Il ministro non c’è, Di Ilio non si dispera

Ateneo, parla il rettore. La notizia del giorno è che la Giannini non sarà presente all’inaugurazione dell’anno accademico
CHIETI. Rettore Carmine Di Ilio, oggi l’ateneo d’Annunzio inaugura il suo 50° anno accademico ma senza il ministro Stefania Giannini, perché questa assenza?
«A tenere il ministro lontano da Chieti è stato, purtroppo, il voto sul decreto di cui si parla molto in questi giorni, quello sulle unioni civili. Al suo posto, comunque, il ministro ha inviato Alberto Melloni, uno dei suoi quattro consiglieri. E dunque avremo comunque a Chieti una presenza autorevole molto vicina al ministro». Che cosa avrebbe chiesto al ministro, e cosa dirà ora al professor Melloni perché faccia da portavoce delle istanze del territorio a Roma?
«Sono tanti i nodi e le criticità del sistema universitario. Ma c’è un passaggio sul quale insisto nella mia prolusione ed è quello che riguarda l’assoluta necessità di sburocratizzare il sistema. Le nostre università attualmente sono tutte troppo ingessate e in questo modo non riusciamo a venire incontro con la rapidità necessaria alle esigenze degli studenti». C’è un trend generale che fa perdere studenti agli atenei, la d’Annunzio come è messa da questo punto di vista?
«Quest’anno abbiamo circa 6.000 immatricolati, un centinaio in meno rispetto all’anno scorso. E dunque riteniamo di essere in linea con i risultati dell’anno accademico precedente. La nostra università accoglie circa 25.000 iscritti ai 53 corsi di laurea. Arriviamo a 28.000 studenti se si contano anche coloro che partecipano ai corsi di alta formazione. Per circa il 60% gli studenti arrivano dalla nostra regione, il resto arriva da regioni limitrofe e, in particolare, dal Sud.

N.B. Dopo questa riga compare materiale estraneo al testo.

Definition nonprincipal {I : Type} (U : (I -> Prop) -> Prop) : Prop :=
  ~ exists i0 : I, U (fun i => i = i0).

Definition infinite_type (I : Type) : Prop :=
  ~ exists l : list I, forall i : I, In i l.

Definition reflR {X : Type} (rho : X -> X -> Prop) (x y : X) : Prop :=
  rho x y \/ x = y.

Definition step {X : Type} (rho : X -> X -> Prop) (x y : X) : Prop :=
  reflR rho x y \/ reflR rho y x.

(* path_of_len rho n x y : there is a path of length n+1 from x to y, i.e.
   z_0..z_{n-1} and eps_0..eps_n with x rho_R^{eps_0} z_0 ... z_{n-1} rho_R^{eps_n} y *)
Fixpoint path_of_len {X : Type} (rho : X -> X -> Prop) (n : nat) (x y : X) : Prop :=
  match n with
  | O => step rho x y
  | S m => exists z : X, step rho x z /\ path_of_len rho m z y
  end.

Definition phi_conn {X : Type} (rho : X -> X -> Prop) (n : nat) : Prop :=
  forall x y : X, path_of_len rho n x y.

Definition connected {X : Type} (rho : X -> X -> Prop) : Prop :=
  forall x y : X, exists n : nat, path_of_len rho n x y.

Definition finite_diameter {X : Type} (rho : X -> X -> Prop) : Prop :=
  exists n : nat, phi_conn rho n.

Definition ueq {I : Type} (U : (I -> Prop) -> Prop) {X : I -> Type}
  (f g : forall i, X i) : Prop := U (fun i => f i = g i).

(* universe: the quotient (prod_i X_i)/~_U, as the set of ~_U-classes *)
Definition uprod {I : Type} (U : (I -> Prop) -> Prop) (X : I -> Type) : Type :=
  { P : (forall i, X i) -> Prop | exists f : forall i, X i, P = ueq U f }.

Definition urel {I : Type} (U : (I -> Prop) -> Prop) {X : I -> Type}
  (rho : forall i, X i -> X i -> Prop) (a b : uprod U X) : Prop :=
  exists (f g : forall i, X i),
    proj1_sig a = ueq U f /\ proj1_sig b = ueq U g /\
    U (fun i => rho i (f i) (g i)).

Definition upow {I : Type} (U : (I -> Prop) -> Prop) (Y : Type) : Type :=
  uprod U (fun _ : I => Y).
Definition upowrel {I : Type} (U : (I -> Prop) -> Prop) {Y : Type}
  (sigma : Y -> Y -> Prop) : upow U Y -> upow U Y -> Prop :=
  urel U (X := fun _ : I => Y) (fun _ => sigma).

Definition injective_fun {A B : Type} (f : A -> B) : Prop :=
  forall a1 a2, f a1 = f a2 -> a1 = a2.

Definition card_lt (J K : Type) : Prop :=
  (exists f : J -> K, injective_fun f) /\ ~ (exists g : K -> J, injective_fun g).

Definition complete_below (K : Type) (U : (K -> Prop) -> Prop) : Prop :=
  forall (J : Type) (A : J -> K -> Prop),
    card_lt J K -> (forall j, U (A j)) -> U (fun k => forall j, A j k).

Definition measurable_card (K : Type) : Prop :=
  (~ exists f : K -> nat, injective_fun f) /\
  exists U : (K -> Prop) -> Prop, ultrafilter U /\ nonprincipal U /\ complete_below K U.

(* |I| is smaller than the first measurable cardinal (vacuous if none exists) *)
Definition below_first_measurable (I : Type) : Prop :=
  forall K : Type, measurable_card K -> card_lt I K.

From Stdlib Require Import Setoid Classical ClassicalEpsilon FunctionalExtensionality
  PropExtensionality ProofIrrelevance Arith.
From mathcomp Require ssreflect ssrfun ssrbool eqtype boolp wochoice.

(** The forward implications are Łoś's theorem for the formulas [phi_conn n]: a
    path of length [n+1] joins the classes of [f] and [g] iff it joins [f i] and
    [g i] for U-almost every [i].

    Conversely, if no [phi_conn n] holds U-almost everywhere, the sets [E_n] of
    indices where [phi_conn n] fails form a decreasing sequence in [U].  When [U]
    is countably incomplete they can be shrunk so that every [i] lies in only
    finitely many of them; picking at each [i] two points that are not joined by
    a path of length [n+1] for the last [n] with [i] in [E_n] gives two classes
    joined by no path at all.

    Below the first measurable cardinal every non-principal ultrafilter is
    countably incomplete: otherwise, for the least cardinal [κ] admitting a
    cover of [I] by [κ] null sets, the pushforward of [U] along the cover is a
    non-principal [κ]-complete ultrafilter on [κ], so [κ <= |I|] is measurable. *)

Lemma sig_ext {A : Type} {P : A -> Prop} (a b : sig P) :
  proj1_sig a = proj1_sig b -> a = b.
Proof. apply eq_sig_hprop; intros; apply proof_irrelevance. Qed.

Lemma injection_of_rel {A B : Type} (R : A -> B -> Prop) :
  (forall a, exists b, R a b) -> (forall a1 a2 b, R a1 b -> R a2 b -> a1 = a2) ->
  exists g : A -> B, injective_fun g.
Proof.
  intros Htot Huniq. destruct (choice R Htot) as [g Hg].
  exists g. intros a1 a2 E. apply (Huniq a1 a2 (g a2)); [rewrite <- E|]; apply Hg.
Qed.

Definition null_cover {I : Type} (U : (I -> Prop) -> Prop) (J : Type) : Prop :=
  exists A : J -> I -> Prop, (forall j, ~ U (A j)) /\ forall i, exists j, A j i.

Section Ultrafilter.
Context {I : Type} {U : (I -> Prop) -> Prop} (HU : ultrafilter U).

Lemma uf_mono {A B : I -> Prop} : U A -> (forall i, A i -> B i) -> U B.
Proof. destruct HU as (_ & _ & Hm & _). eauto. Qed.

Tra i nostri corsi di laurea ci sono alcuni, come Medicina, che hanno ormai una acclarata capacità attrattiva, ed altri come Sociologia, Lingue e Psicologia, per cui ultimamente c’è stata una netta ripresa. C’è poi il settore della ricerca che tra docenti e ricercatori, impiega 664 persone. Infine, il personale tecnico e amministrativo conta 332 dipendenti».
Ed è proprio il rapporto con i dipendenti e i loro rappresentanti sindacali una delle spine nel fianco di questa amministrazione universitaria. I sindacati continuano a chiedere l’Ima, sospesa dal 2014, come intendete venire incontro alle loro esigenze?
«Non parliamo di Ima. Il discorso è troppo tecnico da affrontare. Possiamo invece dire che abbiamo aumentato il Fondo per il salario accessorio nella parte relativa al Conto terzi. Il Fondo ammonta a circa un milione di euro. Come ripartire questi soldi tra tutti i dipendenti è materia di trattativa sindacale. Secondo la volontà del consiglio d’amministrazione, torneremo a fare una proposta ai sindacati su questa materia. Alla nuova proposta sta lavorando un gruppo di lavoro formato dal professor Stefano Civitarese, mio delegato agli affari istituzionali, e dai due componenti del cda, Cristina Caroli Costantini e Tonio Di Battista».
L’Ima pesava sullo stipendio dei dipendenti per circa 300 euro al mese. Non pensa che il personale abbia dovuto sopportare molti sacrifici?
«Certo che lo penso. So che il personale è stato sottoposto a gravosi sacrifici. Dal 2010 i dipendenti devono subire il blocco contrattuale a cui si aggiungono le limitazioni sul salario accessorio. Ma c’è da sottolineare ed aggiungere che quelle limitazioni non sono dovute alla nostra volontà, ma alle leggi di stabilità nazionali, alle quali noi non abbiamo potuto far altro che adeguarci».
L’ateneo è sano dal punto di vista economico?
«Abbiamo un bilancio che supera i 100 milioni e i finanziamenti statali quest’anno ammontano al 5% in più rispetto all’anno scorso: sono circa 90 milioni di euro. E questo grazie a un meccanismo di attribuzione dei fondi che ci premia in base ad aspetti di valutazione didattica e scientifica. Questo meccanismo premiale fa sì che, nonostante a monte ci siano meno risorse, noi non risentiamo molto dei tagli operati da Roma».
Cosa resta del 19 marzo 1966 quando, a Pescara, veniva inaugurato il 1° anno accademico della d’Annunzio?
«Resta l’esempio fulgido di una classe dirigente, culturale e politica, che ha saputo superare le lotte di campanile e le difficili fasi che portarono alla creazione di questa università. Furono idee e azioni vincenti. E lo sono tuttora».